#### SOURCE MATERIAL
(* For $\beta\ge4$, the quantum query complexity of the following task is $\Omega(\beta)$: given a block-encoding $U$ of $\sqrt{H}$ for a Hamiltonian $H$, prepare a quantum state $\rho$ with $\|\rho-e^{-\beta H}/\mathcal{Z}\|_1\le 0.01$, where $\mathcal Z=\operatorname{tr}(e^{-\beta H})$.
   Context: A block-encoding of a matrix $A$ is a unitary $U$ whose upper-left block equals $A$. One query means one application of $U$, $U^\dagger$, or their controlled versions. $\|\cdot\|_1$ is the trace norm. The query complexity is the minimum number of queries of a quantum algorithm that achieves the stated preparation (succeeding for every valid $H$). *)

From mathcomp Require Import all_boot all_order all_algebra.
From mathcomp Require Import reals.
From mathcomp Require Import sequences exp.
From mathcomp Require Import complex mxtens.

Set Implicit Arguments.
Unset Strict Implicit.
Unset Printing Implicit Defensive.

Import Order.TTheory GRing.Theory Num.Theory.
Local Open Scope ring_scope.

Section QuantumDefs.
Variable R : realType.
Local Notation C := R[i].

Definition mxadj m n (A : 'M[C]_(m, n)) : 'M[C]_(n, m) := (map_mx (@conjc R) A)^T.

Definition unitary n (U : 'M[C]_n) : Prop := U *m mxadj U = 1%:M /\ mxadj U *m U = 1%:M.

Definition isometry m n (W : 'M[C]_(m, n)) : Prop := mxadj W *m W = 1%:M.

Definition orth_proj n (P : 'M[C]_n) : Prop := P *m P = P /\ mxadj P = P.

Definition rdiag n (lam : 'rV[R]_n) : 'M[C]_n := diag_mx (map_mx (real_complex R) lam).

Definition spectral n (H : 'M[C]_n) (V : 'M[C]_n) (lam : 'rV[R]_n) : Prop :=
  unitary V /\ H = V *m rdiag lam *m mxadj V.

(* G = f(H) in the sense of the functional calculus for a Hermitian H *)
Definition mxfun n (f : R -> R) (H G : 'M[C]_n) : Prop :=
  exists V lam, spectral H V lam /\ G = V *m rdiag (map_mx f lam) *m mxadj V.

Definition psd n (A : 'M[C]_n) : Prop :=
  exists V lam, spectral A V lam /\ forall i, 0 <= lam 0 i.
########
#### SOURCE MATERIAL
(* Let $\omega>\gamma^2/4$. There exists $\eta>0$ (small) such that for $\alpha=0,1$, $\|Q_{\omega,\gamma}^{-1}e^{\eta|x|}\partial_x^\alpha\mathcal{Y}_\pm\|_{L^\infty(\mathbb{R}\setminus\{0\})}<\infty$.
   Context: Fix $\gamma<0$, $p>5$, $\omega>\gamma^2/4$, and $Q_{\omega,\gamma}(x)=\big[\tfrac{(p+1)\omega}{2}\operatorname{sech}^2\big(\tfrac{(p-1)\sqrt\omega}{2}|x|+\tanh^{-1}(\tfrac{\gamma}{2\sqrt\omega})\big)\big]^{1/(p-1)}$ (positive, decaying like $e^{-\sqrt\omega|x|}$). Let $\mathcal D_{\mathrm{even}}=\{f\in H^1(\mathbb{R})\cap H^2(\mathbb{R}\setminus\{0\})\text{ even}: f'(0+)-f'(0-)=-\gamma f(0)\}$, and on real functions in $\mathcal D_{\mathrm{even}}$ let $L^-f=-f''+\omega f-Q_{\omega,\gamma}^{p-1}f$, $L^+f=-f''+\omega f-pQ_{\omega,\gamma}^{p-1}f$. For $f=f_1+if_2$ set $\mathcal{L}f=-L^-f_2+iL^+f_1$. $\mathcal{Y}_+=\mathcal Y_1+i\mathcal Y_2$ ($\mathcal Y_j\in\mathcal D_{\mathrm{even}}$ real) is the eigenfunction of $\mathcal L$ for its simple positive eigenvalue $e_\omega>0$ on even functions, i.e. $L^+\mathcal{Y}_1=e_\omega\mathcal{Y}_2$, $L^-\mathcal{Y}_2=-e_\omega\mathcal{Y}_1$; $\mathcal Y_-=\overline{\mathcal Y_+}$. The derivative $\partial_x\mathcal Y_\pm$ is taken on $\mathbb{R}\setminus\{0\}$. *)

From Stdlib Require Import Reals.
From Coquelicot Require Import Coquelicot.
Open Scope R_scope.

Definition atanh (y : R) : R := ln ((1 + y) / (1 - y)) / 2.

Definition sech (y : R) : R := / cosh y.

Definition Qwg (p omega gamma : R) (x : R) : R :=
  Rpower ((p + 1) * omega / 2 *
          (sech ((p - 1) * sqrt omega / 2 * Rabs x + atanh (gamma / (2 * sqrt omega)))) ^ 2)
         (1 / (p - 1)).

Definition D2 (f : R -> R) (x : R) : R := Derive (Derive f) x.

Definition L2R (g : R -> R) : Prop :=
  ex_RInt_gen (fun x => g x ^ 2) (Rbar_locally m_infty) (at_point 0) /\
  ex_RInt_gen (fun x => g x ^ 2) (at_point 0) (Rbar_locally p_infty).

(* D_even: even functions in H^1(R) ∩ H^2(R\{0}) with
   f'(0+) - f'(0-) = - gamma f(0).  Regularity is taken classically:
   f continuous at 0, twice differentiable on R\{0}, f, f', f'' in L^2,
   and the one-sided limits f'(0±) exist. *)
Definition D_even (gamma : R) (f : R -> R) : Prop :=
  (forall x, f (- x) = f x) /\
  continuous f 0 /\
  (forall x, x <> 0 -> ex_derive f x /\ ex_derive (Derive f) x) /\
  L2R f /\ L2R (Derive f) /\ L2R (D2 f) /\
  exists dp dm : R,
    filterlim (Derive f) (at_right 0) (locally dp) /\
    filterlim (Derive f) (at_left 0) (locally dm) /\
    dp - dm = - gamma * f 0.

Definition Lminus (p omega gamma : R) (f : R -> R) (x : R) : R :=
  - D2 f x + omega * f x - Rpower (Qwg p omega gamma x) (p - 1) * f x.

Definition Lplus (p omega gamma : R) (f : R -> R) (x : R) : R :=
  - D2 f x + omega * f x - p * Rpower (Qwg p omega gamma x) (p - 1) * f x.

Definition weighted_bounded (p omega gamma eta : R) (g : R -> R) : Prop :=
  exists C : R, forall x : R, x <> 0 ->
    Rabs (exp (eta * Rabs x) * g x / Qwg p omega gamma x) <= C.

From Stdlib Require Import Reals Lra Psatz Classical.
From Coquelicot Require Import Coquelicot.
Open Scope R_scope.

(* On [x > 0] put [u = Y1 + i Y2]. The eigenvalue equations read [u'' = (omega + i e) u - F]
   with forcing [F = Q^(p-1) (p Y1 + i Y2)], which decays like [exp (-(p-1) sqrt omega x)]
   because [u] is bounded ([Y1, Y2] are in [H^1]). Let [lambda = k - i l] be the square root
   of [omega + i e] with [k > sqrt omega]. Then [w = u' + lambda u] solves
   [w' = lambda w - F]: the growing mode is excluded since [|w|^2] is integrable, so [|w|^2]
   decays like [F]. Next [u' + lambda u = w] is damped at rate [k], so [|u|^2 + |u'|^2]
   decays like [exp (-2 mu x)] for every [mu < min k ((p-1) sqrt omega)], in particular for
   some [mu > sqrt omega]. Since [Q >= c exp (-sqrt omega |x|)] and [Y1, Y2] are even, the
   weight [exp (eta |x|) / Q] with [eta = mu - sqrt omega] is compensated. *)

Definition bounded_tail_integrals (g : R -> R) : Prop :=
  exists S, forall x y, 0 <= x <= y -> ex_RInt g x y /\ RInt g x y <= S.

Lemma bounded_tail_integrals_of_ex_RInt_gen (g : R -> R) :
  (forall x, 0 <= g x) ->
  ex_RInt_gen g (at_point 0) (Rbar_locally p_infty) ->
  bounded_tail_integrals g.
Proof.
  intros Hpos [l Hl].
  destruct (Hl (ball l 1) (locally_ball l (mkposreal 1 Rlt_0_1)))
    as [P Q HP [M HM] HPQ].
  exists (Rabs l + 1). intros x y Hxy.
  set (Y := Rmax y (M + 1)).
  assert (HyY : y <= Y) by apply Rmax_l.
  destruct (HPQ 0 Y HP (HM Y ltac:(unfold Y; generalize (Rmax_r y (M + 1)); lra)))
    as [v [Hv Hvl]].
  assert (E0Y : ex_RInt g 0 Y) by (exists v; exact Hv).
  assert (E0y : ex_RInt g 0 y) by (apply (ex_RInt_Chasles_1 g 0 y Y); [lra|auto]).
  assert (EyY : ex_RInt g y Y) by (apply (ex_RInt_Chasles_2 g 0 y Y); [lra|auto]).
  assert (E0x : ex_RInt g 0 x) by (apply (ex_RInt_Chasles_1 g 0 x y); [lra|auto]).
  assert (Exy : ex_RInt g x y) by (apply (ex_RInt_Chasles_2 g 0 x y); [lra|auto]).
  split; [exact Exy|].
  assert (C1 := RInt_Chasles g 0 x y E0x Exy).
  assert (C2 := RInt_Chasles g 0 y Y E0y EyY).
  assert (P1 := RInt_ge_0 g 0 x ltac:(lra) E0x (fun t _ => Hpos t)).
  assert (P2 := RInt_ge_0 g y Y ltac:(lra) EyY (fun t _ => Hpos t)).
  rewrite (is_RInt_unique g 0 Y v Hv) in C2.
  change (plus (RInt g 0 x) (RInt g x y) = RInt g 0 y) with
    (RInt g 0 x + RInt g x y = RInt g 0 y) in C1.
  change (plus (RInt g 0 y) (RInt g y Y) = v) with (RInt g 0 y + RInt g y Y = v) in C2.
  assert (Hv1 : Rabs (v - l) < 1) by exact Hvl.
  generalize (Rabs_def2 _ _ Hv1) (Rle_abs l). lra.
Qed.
########
INSTRUCTIONS FOR THE TASK
Copy out, exactly and alone, the lines of the entries above between the ones holding "Import Order.TTheory GRing.Theory Num.Theory." and "exists V lam, spectral A", inclusive.

RESULT BELOW
Import Order.TTheory GRing.Theory Num.Theory.
Local Open Scope ring_scope.

Section QuantumDefs.
Variable R : realType.
Local Notation C := R[i].

Definition mxadj m n (A : 'M[C]_(m, n)) : 'M[C]_(n, m) := (map_mx (@conjc R) A)^T.

Definition unitary n (U : 'M[C]_n) : Prop := U *m mxadj U = 1%:M /\ mxadj U *m U = 1%:M.

Definition isometry m n (W : 'M[C]_(m, n)) : Prop := mxadj W *m W = 1%:M.

Definition orth_proj n (P : 'M[C]_n) : Prop := P *m P = P /\ mxadj P = P.

Definition rdiag n (lam : 'rV[R]_n) : 'M[C]_n := diag_mx (map_mx (real_complex R) lam).

Definition spectral n (H : 'M[C]_n) (V : 'M[C]_n) (lam : 'rV[R]_n) : Prop :=
  unitary V /\ H = V *m rdiag lam *m mxadj V.

(* G = f(H) in the sense of the functional calculus for a Hermitian H *)
Definition mxfun n (f : R -> R) (H G : 'M[C]_n) : Prop :=
  exists V lam, spectral H V lam /\ G = V *m rdiag (map_mx f lam) *m mxadj V.

Definition psd n (A : 'M[C]_n) : Prop :=
  exists V lam, spectral A V lam /\ forall i, 0 <= lam 0 i.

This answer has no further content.